When asked whether Jeremy Corbyn’s plan to “end homelessness” was practical, John responded “it is, because we know what works!”. Between 1997 and 2007 the Labour government reduced the number of people on the streets by over three quarters and made the pledge to end homelessness in 2011 when in government. Since then the Conservative government has seen rough sleeping rise year-on-year and cut benefits to young people under 21 which is thought by many to be directly responsible for rises in youth homelessness.
John talked with people about Labour’s radical plan for housing which includes building up to “100,000 new council houses a year” and legally ensuring private landlords provide “decent homes” for their tenants. The Labour Party also back the immediate roll out of a scheme pioneered in London which would see 4,000 housing association properties nationwide made available to people with a history of problematic rough sleeping. His message was clear, “this policy could have an immediate impact on the number of rough sleepers in hotspots like Canterbury”.

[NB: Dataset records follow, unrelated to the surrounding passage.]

Lemma prob_bigcap_in (S : {set 'I_N}) :
  P (\bigcap_(i in [set` S]) [set w | X i w \in B]) = (p ^+ #|S|)%:E.
Proof.
pose BS i := if i \in S then B else setT.
have -> : \bigcap_(i in [set` S]) [set w | X i w \in B] =
          \bigcap_(i in [set: 'I_N]) X i @^-1` BS i.
  apply/seteqP; split => w /= XB i.
    by rewrite /BS => _; case: ifP => // iS; rewrite /= -in_setE; exact: XB.
  by move=> iS; have := XB i I; rewrite /BS iS /= in_setE.
rewrite indepX => [|i]; last by rewrite /BS; case: ifP.
rewrite (eq_bigr (fun i => (if i \in S then p else 1)%:E)) => [|i _]; last first.
  by rewrite /BS; case: ifP => _; rewrite ?PXB ?preimage_setT ?probability_setT.
by rewrite prodEFin -big_mkcond /= prodr_const.
Qed.

Lemma measurable_in_preimage i : measurable [set w | X i w \in B].
Proof.
rewrite (_ : [set w | _] = X i @^-1` B).
  by rewrite -[_ @^-1` _]setTI; exact: mX.
by apply/seteqP; split => w; rewrite /= in_setE.
Qed.

Lemma prob_at_least_le k :
  (P (at_least k (fun i w => X i w \in B)) <= ('C(N, k)%:R * p ^+ k)%:E)%E.
Proof.
rewrite at_least_bigsetU; apply: le_trans (le_measure_bigsetU _ _ _ _) _.
  by move=> S; apply: fin_bigcap_measurable => // i _; exact: measurable_in_preimage.
rewrite (eq_bigr (fun _ => (p ^+ k)%:E)) => [|S /eqP <-]; last exact: prob_bigcap_in.
rewrite sumEFin lee_fin sumr_const mulr_natl.
by rewrite -[in X in _ <= _ *+ X](card_ord N) -card_draws cardsE.
Qed.
End independent_sample.

Lemma ffact_le_expn n m : (n ^_ m <= n ^ m)%N.
Proof.
rewrite ffact_prod -[X in (_ <= _ ^ X)%N](card_ord m) -prod_nat_const.
by apply: leq_prod => i _; exact: leq_subr.
Qed.

Lemma natr_expn_le_expR_fact (R : realType) k :
  (k%:R : R) ^+ k <= expR k%:R * k`!%:R.
Proof.
case: k => [|k]; first by rewrite expr0 expR0 mul1r.
rewrite -ler_pdivrMr ?ltr0n ?fact_gt0 //.
by apply: le_trans (expR_ge1Dxn k (ler0n R k.+1)); rewrite lerDr.
Qed.

Lemma binomial_tail_le (R : realType) (N k : nat) (p : R) : 0 <= p ->
  N%:R * p <= k%:R * expR (-2) -> 'C(N, k)%:R * p ^+ k <= expR (- k%:R).
Proof.
move=> p0 Np.
have fact_gt0 : (0 : R) < k`!%:R by rewrite ltr0n fact_gt0.
have binN : ('C(N, k)%:R : R) <= N%:R ^+ k / k`!%:R.
  by rewrite ler_pdivlMr // -natrM -natrX ler_nat bin_ffact ffact_le_expn.
apply: le_trans (ler_wpM2r (exprn_ge0 _ p0) binN) _.
rewrite mulrAC -exprMn ler_pdivrMr //.
apply: le_trans (lerXn2r _ _ _ Np) _; rewrite ?nnegrE ?mulr_ge0 ?expR_ge0 //.
rewrite exprMn -expRM_natr.
have -> : expR (- k%:R) * k`!%:R = expR (-2 * k%:R) * (expR k%:R * k`!%:R) :> R.
  by rewrite mulrA -expRD; congr (expR _ * _); ring.
by rewrite mulrC ler_wpM2l ?expR_ge0 ?natr_expn_le_expR_fact.
Qed.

Rosie Duffield, MP for Canterbury, spoke to a number of clients about the problem of youth homelessness before calling on the government to repeal the cuts to housing benefit for those under the age of 21. With the rain pelting down outside, John cancelled his planned street stall on the High Street and instead spent time answering questions on housing with local activists.
The Labour Party is planning to highlight this issue further with a street stall this weekend. The stall will specifically look at the problem of young families in temporary accommodation. Since 2010 the number of families in temporary accommodation has more than trebled. Figures from Shelter released this week suggest that almost 2,000 children across Kent will find themselves homeless this Christmas.